Славка понял, дальше откладывать объяснения с Ленусей нельзя. Подобрался осторожно со спины. Жена стояла на кухне и возилась с тарелками. Обнял за плечи, поцеловал в шею под мочкой ушка, обходя дарёную золотую серёжку. Самодовольно отметил, что украшение жена не меняет, хотя есть чем. Значит - не зря вкалывал, зарабатывая деньги на подарок, подумал он. Жена развернула голову, довольно улыбнулась ласке, глянула снизу вверх, ещё не замечая, во что Славка одет. 'На рыбалку что-ли собрался', - мелькнула мысль, когда отстранилась и заметила камуфляжную расцветку военной формы - 'Ну, я тебе щас устрою проводы! Снова с мужиками в лес на природу!?'
- Любимая, отпустишь меня с парнями домой? К родакам? - огорошил муж. Отпуск намечался на осень, а сейчас стояла весна в преддверии мая. Поэтому Лена не сразу сообразила, о чем спрашивает любимый.

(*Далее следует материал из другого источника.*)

Theorem theorem9 (R : realType) (m n p : nat)
  (F : 'M[R]_p) (H : 'I_m -> 'M[R]_p) (G : 'I_n -> 'M[R]_p)
  (Fij : 'I_m -> 'I_n -> 'M[R]_p)
  (V : 'M[R]_((m + n) * p)) (d : 'rV[R]_((m + n) * p))
  (c : 'rV[R]_(m + n)) (delta eps : R)
  (N : nat) (z : nat -> 'cV[R]_(m + n)) :
  F^T = F ->
  (forall i, (H i)^T = H i) ->
  (forall j, (G j)^T = G j) ->
  (forall i j, (Fij i j)^T = Fij i j) ->
  V^T *m V = 1%:M ->
  Mmat Fij = V^T *m diag_mx d *m V ->
  delta < 0 ->
  0 <= eps ->
  nd (Bfun F H G Fij (z 0%N)) ->
  (forall k, (k < N)%N -> sub_optimal F H G V d c delta (z k) (z k.+1)) ->
  (forall k, (0 < k < N)%N -> eps <= enorm (z k - z k.-1)) ->
  forall i, (i <= N)%N -> nsd (Bfun F H G Fij (z i)).
Proof.
move=> _ _ _ Fij_sym _ Mmat_eig _ _ nd_z0 z_optimal _ [|k] k_lt_N.
  exact: nd_nsd.
have [feasible _] := z_optimal k k_lt_N.
exact: nsd_Bfun_sub_feasible Fij_sym Mmat_eig _ _ feasible.
Qed.
Lemma iterint_cube n c : 0 < c ->
  iterint (fun x : 'I_n -> R => (\prod_(i < n) itv_ind c (x i))%:E)
  = ((2 * c) ^+ n)%:E.
Proof.
move=> c0; elim: n => [|n IH] /=; first by rewrite big_ord0 expr0.
have -> : (fun x => iterint (fun w : 'I_n -> R =>
     (\prod_(i < n.+1) itv_ind c (vcons x w i))%:E)) =
  (fun x => ((itv_ind c x)%:E * ((2 * c) ^+ n)%:E)%E).
  apply/funext => x; rewrite -IH -iterintZl ?itv_ind_ge0//; last first.
    by move=> w; rewrite lee_fin; apply: prodr_ge0 => i _; exact: itv_ind_ge0.
  congr iterint; apply/funext => w.
  rewrite big_ord_recl -EFinM /vcons unlift_none; congr (_ * _)%:E.
  by apply: eq_bigr => i _; rewrite liftK.
under eq_integral do rewrite muleC.
rewrite ge0_integralZlT ?exprn_ge0 ?mulr_ge0 ?ltW// => [|x]; last first.
  by rewrite lee_fin itv_ind_ge0.
by rewrite integral_itv_ind// -EFinM exprSr.
Qed.

Lemma prod_itv_ind_eq1 n c (x : 'I_n -> R) : (forall i, `|x i| <= c) ->
  \prod_(i < n) itv_ind c (x i) = 1.
Proof. by move=> H; apply: big1 => i _; rewrite /itv_ind H. Qed.

Lemma unit_ball_ind_le_cube n (x : 'I_n -> R) :
  unit_ball_ind x <= \prod_(i < n) itv_ind 1 (x i).
Proof.
rewrite /unit_ball_ind enorm_le1E; case: ifP => H; last first.
  by apply: prodr_ge0 => i _; exact: itv_ind_ge0.
rewrite prod_itv_ind_eq1// => i; move: H; rewrite (bigD1 i)//= => H.
have rest0 : 0 <= \sum_(j < n | j != i) x j ^+ 2 by apply: sumr_ge0 => j _; exact: sqr_ge0.
by rewrite ler_norml; apply/andP; split; nra.
Qed.
(* Let $N\ge1$ and $\gamma=(\gamma_\ell)_{-N\le\ell\le N}\in\mathbb{C}^{2N+1}$ be fixed, and for $\varepsilon>0$ let $\Box_\varepsilon\in\mathcal O_{N,\varepsilon}$ be the operator with coefficients $c_\ell=\gamma_\ell/\varepsilon$. The following six properties are equivalent (all limits are as $\varepsilon\to0^+$, and ''locally uniformly in $]a,b[$'' means uniformly on $[a+\delta,b-\delta]$ for every $\delta>0$): (a) D.E.L. converges to C.E.L.: for all smooth $P,Q,R:[a,b]\to\mathbb{R}^{d\times d}$ with $P,Q$ symmetric and $R$ skew-symmetric, all smooth $J_1,J_2:[a,b]\to\mathbb{R}^d$, and all $\mathbf x\in\mathcal C^2([a,b],\mathbb{R}^d)$, $\Theta(\mathbf x)\to-P\ddot{\mathbf x}+(-\dot P+2R)\dot{\mathbf x}+(\dot R+Q)\mathbf x-\dot J_1+J_2$ locally uniformly in $]a,b[$; (b) for all $\mathbf x\in\mathcal C^2([a,b],\mathbb{R}^d)$, $\Box_\varepsilon\mathbf x\to\dot{\mathbf x}$ locally uniformly in $]a,b[$; (c) for all $\mathbf x\in\mathcal C^2([a,b],\mathbb{R}^d)$, $\Box_{-\varepsilon}\mathbf x\to-\dot{\mathbf x}$ locally uniformly in $]a,b[$; (d) the functions $t\mapsto\Box_\varepsilon1$ and $t\mapsto\Box_\varepsilon t$ converge respectively to $0$ and $1$ locally uniformly in $]a,b[$; (e) $\Box_\varepsilon\in\tilde{\mathcal O}_{N,\varepsilon}$, i.e. $\sum_{\ell=-N}^N\gamma_\ell=0$ and $\sum_{\ell=-N}^N\ell\gamma_\ell=1$; (f) there exist $k_1,\dots,k_{2N-1}\in\mathbb{C}$ such that $\Box_\varepsilon\mathbf x(t)=\Box^{[1,0]}_\varepsilon\mathbf x(t)+\sum_{\ell=-(N-1)}^{N-1}k_{\ell+N}\,\Box^{[1,-1]}_\varepsilon\mathbf x(t-\ell\varepsilon)$ for all $\mathbf x$ and all $t$ in the safety interval $[a+2N\varepsilon,b-2N\varepsilon]$ (equivalently, the coefficient vector $\gamma$ equals that of the forward difference, $\gamma_0=-1,\gamma_1=1$, plus $\sum_{\ell}k_{\ell+N}$ times the vector with entries $1,-2,1$ at indices $-\ell-1,-\ell,-\ell+1$).
   Context: Fix $[a,b]$. For $\varepsilon>0$ and each integer $\ell$, $\chi_\ell$ is the indicator function of $[\max(a,a+\ell\varepsilon),\min(b,b+\ell\varepsilon)]$; a term multiplied by a vanishing characteristic function is $0$. Given coefficients $(c_\ell)_{-N\le\ell\le N}$, $\Box_\varepsilon\mathbf x(t)=\sum_{\ell=-N}^{N}c_\ell\,\mathbf x(t+\ell\varepsilon)\chi_{-\ell}(t)$ (componentwise) and $\Box_{-\varepsilon}\mathbf f(t)=\sum_{\ell=-N}^{N}c_\ell\,\mathbf f(t-\ell\varepsilon)\chi_{\ell}(t)$ (same coefficients). $\mathcal O_{N,\varepsilon}$ is the set of such operators with $c_\ell=\gamma_\ell/\varepsilon$, $\gamma_\ell\in\mathbb{C}$ independent of $\varepsilon$; $\tilde{\mathcal O}_{N,\varepsilon}\subset\mathcal O_{N,\varepsilon}$ consists of those with $\Box_\varepsilon1=0$ and $\Box_\varepsilon t=1$ for $t$ in the safety interval $[a+2N\varepsilon,b-2N\varepsilon]$. For $r,s\in\mathbb{C}$, $\Box^{[r,s]}_\varepsilon\mathbf x(t)=-\chi_{1}(t)\frac{s}{\varepsilon}\mathbf x(t-\varepsilon)+\frac{s-r}{\varepsilon}\mathbf x(t)+\chi_{-1}(t)\frac{r}{\varepsilon}\mathbf x(t+\varepsilon)$. For matrix/vector functions $P,Q,R,J_1,J_2$ on $[a,b]$ and $\mathbf x:[a,b]\to\mathbb{R}^d$, \[ \Theta(\mathbf x)(t)=\Box_{-\varepsilon}(P\,\Box_\varepsilon\mathbf x)(t)-\Box_{-\varepsilon}(R\mathbf x)(t)+R(t)\Box_\varepsilon\mathbf x(t)+Q(t)\mathbf x(t)+\Box_{-\varepsilon}J_1(t)+J_2(t), \] the left-hand side of the discrete Euler–Lagrange equation of the quadratic lagrangian $\frac12{}^t\dot{\mathbf x}P\dot{\mathbf x}+\frac12{}^t\mathbf xQ\mathbf x+{}^t\mathbf xR\dot{\mathbf x}+{}^tJ_1\dot{\mathbf x}+{}^tJ_2\mathbf x+J_3$ (${}^t$ denotes transpose). *)

From Stdlib Require Export Reals ZArith.
Open Scope R_scope.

- А что ты там будешь делать, милый? Рано ж ещё, - ещё не сложила кусочки головоломки в кучу женская интуиция, но уже встревожилась.
- Своих защищать, - ответ расставил все знаменатели на места и раскрыл карты. 'Вот он куда собрался', - верить в ужас правды не хотелось никак.
- От кого? - по инерции пошла за словами мужа жена, надеясь, что это шутка, бред, недоразумение.
- От бендеровцев, - 'Ох!' - аж вздрогнула душа, как после неожиданного выстрела из крупняка рядом...
- А это кто? - надежда умирает последней, и растянуть время хочется, и закрыть глаза, может сон, и руки задрожали сами по себе, отражаясь от вскинувшегося понимания в подсознании, куда собрался Славка.
- Ты - моя хорошая. Я тебя люблю. Фашисты это, сладкая моя, как гитлеровцы с воххабитами, только наши, - кошмар какой-то.
- Как - наши? - верить не хотелось. Славка, муж, любимый, родной, отец Наташки и Борьки собрался на войну.
- Не доглядели после развала Союза, - да и черт с ним уж больше двадцати лет прошло, перегоревали, отмучались от боли за распад державы, вроде раны затянулись, привыкли. И тут на тебе - третья отечественная? А дети как же? А я? Слава?
- От жеж сволочи! Жалко, зачем рвали по живому? Так хорошо было, страна была большая. Все вместе жили, - сказала одно, а подумала другое: 'Неужели пойдёт. Ведь если не пущу, то сам уйдёт или останется и весь изведётся дома, как предатель после совершённой гнусности. Господи, ведь придётся согласиться с его мальчишеским патриотизмом по Родине', - женщины они существа нежные, хрупкие, но ссображают сразу, всем мозгом быстро и точно, как самонаводящаяся ракета, что неотвратимо находит цель.
- Так щас поправим, ласочка моя. Только надо помочь народу, - виновато шмыганул носом и обрадовался муж, думая, что прощание дастся ему легко.
- Ну, если надо и ты, точно, хочешь, уверен - иди, только осторожно ттам, - затряслись плечи, рука прикрыла рот, тряпка сиротливо выпала на кафельный пол. Обнял, но от этого не легче. Ведь может и не вернуться. Совсем. Или подранят. А если искалечат?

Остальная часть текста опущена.